On a system with integrated graphics and 8 (16 logical) cores and 32 GB of system memory I achieve what appears to be optimal performance using:
zramen --algorithm zstd --size 200 --priority 100 --max-size 131072 make
sysctl vm.swappiness=180
sysctl vm.page-cluster=0
sysctl vm.vfs_cache_pressure=200
sysctl vm.dirty_background_ratio=1
sysctl vm.dirty_ratio=2
sysctl vm.watermark_boost_factor=0
sysctl vm.watermark_scale_factor=125
sysctl kernel.nmi_watchdog=0
sysctl vm.min_free_kbytes=150000
sysctl vm.dirty_expire_centisecs=1500
sysctl vm.dirty_writeback_centisecs=1500
Compression factor tends to stay above 3.0. At very little cost I more than doubled my effective system memory. If an individual workload uses a significant fraction of system memory at once complications may arise.I had considered some kind of test where each parameter is perturbed a bit in sequence, so that you get an estimate of a point partial derivative.

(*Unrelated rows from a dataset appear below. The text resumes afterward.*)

(* Let $\tau>0$ and consider the system \[ \begin{cases} x'(t)=s-dx(t)-kx(t)v(t),\\ y'(t)=k\mathrm{e}^{-\delta\tau}x(t-\tau)v(t-\tau)-\delta y(t)-py(t)z(t),\\ v'(t)=N\delta y(t)-\mu v(t),\\ z'(t)=qy(t)z(t)-bz(t), \end{cases} \] with initial conditions $x(\theta)=\varphi_{1}(\theta)$, $v(\theta)=\varphi_{3}(\theta)$ for $\theta\in[-\tau,0]$, $y(0)=y_{0}\ge 0$, $z(0)=z_{0}\ge0$, where $\varphi_{1},\varphi_3\in C([-\tau,0],\mathbb{R}_{+})$. Let \[ \overline{R}_{0}=\frac{s}{d\frac{\mu}{k\mathrm{e}^{-\delta\tau}N}},\qquad \overline{R}_{1}=\frac{s}{d\frac{\mu}{k\mathrm{e}^{-\delta\tau}N}+\mathrm{e}^{\delta\tau}\delta\frac{b}{q}}, \] let $E_0=(s/d,0,0,0)$, let $\overline{E}_1=\left(\frac{\mu\mathrm{e}^{\delta\tau}}{kN},\ \frac{\mathrm{e}^{-\delta\tau}}{\delta}\big(s-\frac{d\mu\mathrm{e}^{\delta\tau}}{kN}\big),\ \frac{N\mathrm{e}^{-\delta\tau}}{\mu}\big(s-\frac{d\mu\mathrm{e}^{\delta\tau}}{kN}\big),\ 0\right)$ (the equilibrium with positive $x,y,v$ and $z=0$, existing when $\overline R_0>1$), and let $\overline{E}_2=\left(\bar x_2,\ \frac{b}{q},\ \frac{N\delta b}{\mu q},\ \frac{\delta}{p}\big(\frac{k\mathrm{e}^{-\delta\tau}N\bar x_2}{\mu}-1\big)\right)$ with $\bar x_2=\frac{s}{d+kN\delta b/(\mu q)}$ (the equilibrium with all components positive, existing when $\overline R_1>1$). Then: (i) If $\overline{R}_{0}\leq1$, then $E_{0}$ is globally asymptotically stable. (ii) If $\overline{R}_{1}\leq1<\overline{R}_{0}$, then $\overline{E}_{1}$ is globally asymptotically stable with respect to solutions whose initial data satisfy $y_{0}+\varphi_{1}(-\tau)\varphi_{3}(-\tau)>0$ or $\varphi_{3}(0)>0$. (iii) If $\overline{R}_{1}>1$, then $\overline{E}_{2}$ is globally asymptotically stable with respect to solutions whose initial data satisfy $z_{0}>0$ and either $y_{0}+\varphi_{1}(-\tau)\varphi_{3}(-\tau)>0$ or $\varphi_{3}(0)>0$.
   Context: All parameters $s,d,k,\delta,p,N,\mu,q,b$ are positive constants. Globally asymptotically stable means: the equilibrium is (Lyapunov) stable and every solution with admissible initial data converges to it as $t\to\infty$. *)

From Stdlib Require Import Reals.
From Coquelicot Require Import Coquelicot.
Open Scope R_scope.
(* Let $n\ge3$ and let $R,V_1,\ldots,V_{n-1}\in H^1(K_n;\mathbb{Z}_2)$ be classes giving an algebra isomorphism $H^*(K_n;\mathbb{Z}_2)\cong\mathbb{Z}_2[R,V_1,\ldots,V_{n-1}]/(R^2,V_i^2+RV_i)$. For $x\in H^1(K_n;\mathbb{Z}_2)$ write $\overline{x}=x\otimes1+1\otimes x\in H^1(K_n\times K_n;\mathbb{Z}_2)$. Then in $H^*(K_n\times K_n;\mathbb{Z}_2)$, $$\overline{V}_1^{\,3}\,\overline{V}_2^{\,2}\,\overline{V}_3\cdots\overline{V}_{n-1}\ne0,$$ but every product of at least $n+3$ factors, each of the form $\overline{V}_i$ or $\overline{R}$, is $0$.
   Context: $K_n=(S^1)^n/\bigl((z_1,\ldots,z_{n-1},z_n)\sim(\overline{z}_1,\ldots,\overline{z}_{n-1},-z_n)\bigr)$, where $S^1\subset\mathbb{C}$ is the unit circle and $\overline{z}$ is complex conjugation. $H^*(K_n\times K_n;\mathbb{Z}_2)$ is identified with $H^*(K_n;\mathbb{Z}_2)\otimes H^*(K_n;\mathbb{Z}_2)$ via the Künneth isomorphism. *)

From HB Require Import structures.
From mathcomp Require Import all_boot all_order all_algebra.
Set Implicit Arguments. Unset Strict Implicit. Unset Printing Implicit Defensive.
Import GRing.Theory.
Local Open Scope ring_scope.

(* Concrete model of  A_n := Z_2[R,V_1,...,V_{n-1}]/(R^2, V_i^2 + R V_i)
   (which is H^*(K_n;Z_2) by hypothesis) and of its tensor square A_n (x) A_n
   (which is H^*(K_n x K_n;Z_2) by Kunneth).

   A_n has the Z_2-basis of monomials  R^a * prod_{i in S} V_i,
   a in {0,1}, S a subset of {V_1,...,V_{n-1}}; generator V_i is indexed by
   the ordinal  i-1 : 'I_(n-1).  Since V_i^2 = R V_i and R^2 = 0, the product of
   basis monomials (a,S),(b,T) is R^(a+b+|S/\T|) prod_{S\/T} V, which is the
   basis monomial (true, S :|: T) or (false, S :|: T) if that exponent is <= 1,
   and 0 otherwise. *)

Definition monA (n : nat) : finType := (bool * {set 'I_(n.-1)})%type.

Definition mulmonA (n : nat) (p q : monA n) : option (monA n) :=
  let k := (p.1 : nat) + (q.1 : nat) + #|p.2 :&: q.2| in
  if (k <= 1)%N then Some (k == 1%N, p.2 :|: q.2) else None.

(* Basis monomials of A_n (x) A_n: x (x) y with x, y basis monomials of A_n.
   (Coefficients are in Z_2, so no Koszul signs.) *)
Definition monT (n : nat) : finType := (monA n * monA n)%type.

Definition mulmonT (n : nat) (p q : monT n) : option (monT n) :=
  match mulmonA p.1 q.1, mulmonA p.2 q.2 with
  | Some r1, Some r2 => Some (r1, r2)
  | _, _ => None
  end.

Definition elT (n : nat) := {ffun monT n -> 'F_2}.

Definition basisT (n : nat) (m : monT n) : elT n := [ffun m' => (m' == m)%:R].

Definition mulT (n : nat) (x y : elT n) : elT n :=
  [ffun m => \sum_(p : monT n) \sum_(q : monT n)
               (if mulmonT p q == Some m then x p * y q else 0)].

Definition oneT (n : nat) : elT n := basisT ((false, set0), (false, set0)).

Definition prodT (n : nat) (s : seq (elT n)) : elT n := foldr (@mulT n) (oneT n) s.

Definition R_l (n : nat) : elT n := basisT ((true, set0), (false, set0)).
Definition R_r (n : nat) : elT n := basisT ((false, set0), (true, set0)).
Definition V_l (n : nat) (j : 'I_(n.-1)) : elT n := basisT ((false, [set j]), (false, set0)).
Definition V_r (n : nat) (j : 'I_(n.-1)) : elT n := basisT ((false, set0), (false, [set j])).

Definition Rbar (n : nat) : elT n := R_l n + R_r n.
(* \overline{V}_{j+1} for j : 'I_(n-1) *)
Definition Vbar (n : nat) (j : 'I_(n.-1)) : elT n := V_l j + V_r j.
(* \overline{V}_i with the paper's 1-based index i (1 <= i <= n-1); 0 otherwise *)
Definition Vb (n : nat) (i : nat) : elT n := \sum_(j : 'I_(n.-1) | j.+1 == i) Vbar j.

Definition factor (n : nat) (o : option 'I_(n.-1)) : elT n :=
  if o is Some j then Vbar j else Rbar n.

You would then do an iterative hill climb. That probably won't work well in my case since the devices I'm optimizing have too much variance to give a clear signal on benchmarks of a reasonable duration.
I use lz4-rle as first layer, but if page is idle for 1h it is recompressed using zstd lvl 22 in the background
it is great balance, for responsiveness Vs compression ratio